Total new code: ~30 lines + argparse CLI. No new strategy class is needed
because every Derkachi-based scenario consumes the same `Mp4PassthroughSource +
ImuCsvTlog + RawFdrPassthrough` triple. A scenario that emits a *new* fixture
shape (e.g. FT-P-13's "anchor-search-region" record extraction) writes a new
`FdrProjection` subclass alongside.

## Per-scenario usage

### FT-P-01

```bash
python -m e2e.fixtures.sitl_replay_builder.build_p01_fixtures \
  --input-dir _docs/00_problem/input_data \
  --output-dir e2e/fixtures/sitl_replay/p01 \
  --fc-kind ardupilot \
  --host sitl-host
```

Activation:

```bash
E2E_SITL_REPLAY_DIR=e2e/fixtures/sitl_replay/p01 \
    pytest e2e/tests/positive/test_ft_p_01_still_image_accuracy.py
```

### FT-P-02

```bash
python -m e2e.fixtures.sitl_replay_builder.build_p02_fixtures \
  --derkachi-dir _docs/00_problem/input_data/flight_derkachi \
  --output-dir e2e/fixtures/sitl_replay/p02 \
  --fc-kind ardupilot \
  --host sitl-host
```

## Limitations

* The synthesised ATTITUDE has roll/pitch = 0 — acceptable for fixed-wing
  cruise but unrealistic for aggressive manoeuvres. Override the packer call
  inside a custom `TlogSource` when needed.
* RAW_IMU is packed from `SCALED_IMU2` columns as pass-through (no true
  scaled → raw unit conversion). If the SUT's tlog parser strictly demands
  true raw counts the builder will need a units conversion pass — surfaced
  as a follow-up after the first live run.
* Auto-sync (`time_offset_ms != 0`) is bypassed by every scenario currently;
  operators running this against truly independent tlog+video pairs should
  override `FixtureBuilderConfig.time_offset_ms`.
* iNav adapter is NOT supported by the existing builders — ArduPilot only.
* The FDR record `kind`/`record_type` schemas are assumed to match the
  production contract; overrides live on each projection class.

## Testing

Unit tests under `e2e/_unit_tests/fixtures/`:

* `test_sitl_replay_builder_builder.py` — strategy-level tests
  (`VideoSource`, `TlogSource`, `FdrProjection` impls + shared helpers +
  `build_fixtures` orchestrator).
* `test_sitl_replay_builder.py` — FT-P-01 scenario integration.
* `test_sitl_replay_builder_p02.py` — FT-P-02 scenario integration.

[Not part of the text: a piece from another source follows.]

(* Let $A,B$ be non-empty sets, $I$ a non-empty index set, $\{V_i\}_{i\in I}\subseteq\mathcal R(A)$, $\{W_i\}_{i\in I}\subseteq\mathcal R(B)$, ${\cal A}=(A,I,V_i)$, ${\cal B}=(B,I,W_i)$, let $R\in\mathcal R(A,B)$ be a uniform fuzzy relation and $Z\in\mathcal R(A,B)$ with $R\le Z$. Then $R$ is a solution to $WL^{2\text{-}5}(A,B,I,V_i,W_i,Z)$ if and only if all of the following hold: (i) $E_A^R$ is a solution to $WL^{1\text{-}4}(A,I,V_i,Z\circ Z^{-1})$; (ii) $E_B^R$ is a solution to $WL^{1\text{-}5}(B,I,W_i,Z^{-1}\circ Z)$; (iii) $\widetilde R$ is an isomorphism of the quotient fuzzy relational systems ${\cal A}/E_A^R$ and ${\cal B}/E_B^R$.
   Context: $\mathcal L=(L,\wedge,\vee,\otimes,\to,0,1)$ is a complete residuated lattice; $x\leftrightarrow y=(x\to y)\wedge(y\to x)$. For non-empty sets $X,Y$, $\mathcal R(X,Y)$ is the set of fuzzy relations $X\times Y\to L$, $\mathcal R(X)=\mathcal R(X,X)$, ordered pointwise; $R^{-1}(y,x)=R(x,y)$; $(R\circ S)(x,t)=\bigvee_{y}R(x,y)\otimes S(y,t)$. For $R\in\mathcal R(A,B)$: kernel $E_A^R(a_1,a_2)=\bigwedge_{b\in B}R(a_1,b)\leftrightarrow R(a_2,b)$; co-kernel $E_B^R(b_1,b_2)=\bigwedge_{a\in A}R(a,b_1)\leftrightarrow R(a,b_2)$ (both fuzzy equivalences). $R$ is uniform if every $a$ has some $b$ with $R(a,b)=1$, every $b$ has some $a$ with $R(a,b)=1$, and $R(a,b_1)\otimes R(a,b_2)\le E_B^R(b_1,b_2)$ for all $a,b_1,b_2$. For uniform $R$, with $E=E_A^R$, $F=E_B^R$, the map $\widetilde R:A/E\to B/F$, $\widetilde R(E_a)=F_{\psi(a)}$, where $\psi:A\to B$ is any function with $R(a,\psi(a))=1$ for all $a$, is well defined and bijective. For a fuzzy equivalence $E$ on $X$ (reflexive, symmetric, $E(x,y)\otimes E(y,z)\le E(x,z)$): $E_x(y)=E(x,y)$, $X/E=\{E_x\}$; the quotient of ${\cal X}=(X,I,V_i)$ is ${\cal X}/E=(X/E,I,V_i^{X/E})$ with $V_i^{X/E}(E_{x_1},E_{x_2})=(E\circ V_i\circ E)(x_1,x_2)$. An isomorphism of $(X,I,V_i)$ and $(Y,I,W_i)$ is a bijection $\varphi$ with $V_i(x_1,x_2)=W_i(\varphi(x_1),\varphi(x_2))$ for all $x_1,x_2$, $i$. $WL^{2\text{-}5}(A,B,I,V_i,W_i,Z)$ (unknown $U\in\mathcal R(A,B)$): $V_i\circ U=U\circ W_i$ for all $i$, and $U\le Z$. For $\{V_i\}\subseteq\mathcal R(X)$, $W\in\mathcal R(X)$, unknown $U\in\mathcal R(X)$: $WL^{1\text{-}4}(X,I,V_i,W)$: $U\circ V_i\le V_i\circ U$ and $U^{-1}\circ V_i\le V_i\circ U^{-1}$ for all $i$, $U\le W$, $U^{-1}\le W$; $WL^{1\text{-}5}(X,I,V_i,W)$: $V_i\circ U\le U\circ V_i$ and $V_i\circ U^{-1}\le U^{-1}\circ V_i$ for all $i$, $U\le W$, $U^{-1}\le W$. *)

From Stdlib Require Import ClassicalEpsilon.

All external dependencies (OpenCV, pymavlink, subprocess) are mocked via
the underscore-prefixed `_runner` / `_video_writer_factory` / `_imread` /
`_mavlink_writer_factory` injection points so the suite runs without a
real `gps-denied-replay` install. The actual end-to-end run requires the
SUT to be installed (`pip install -e .` at repo root) and is documented as
a manual step until CI infrastructure catches up.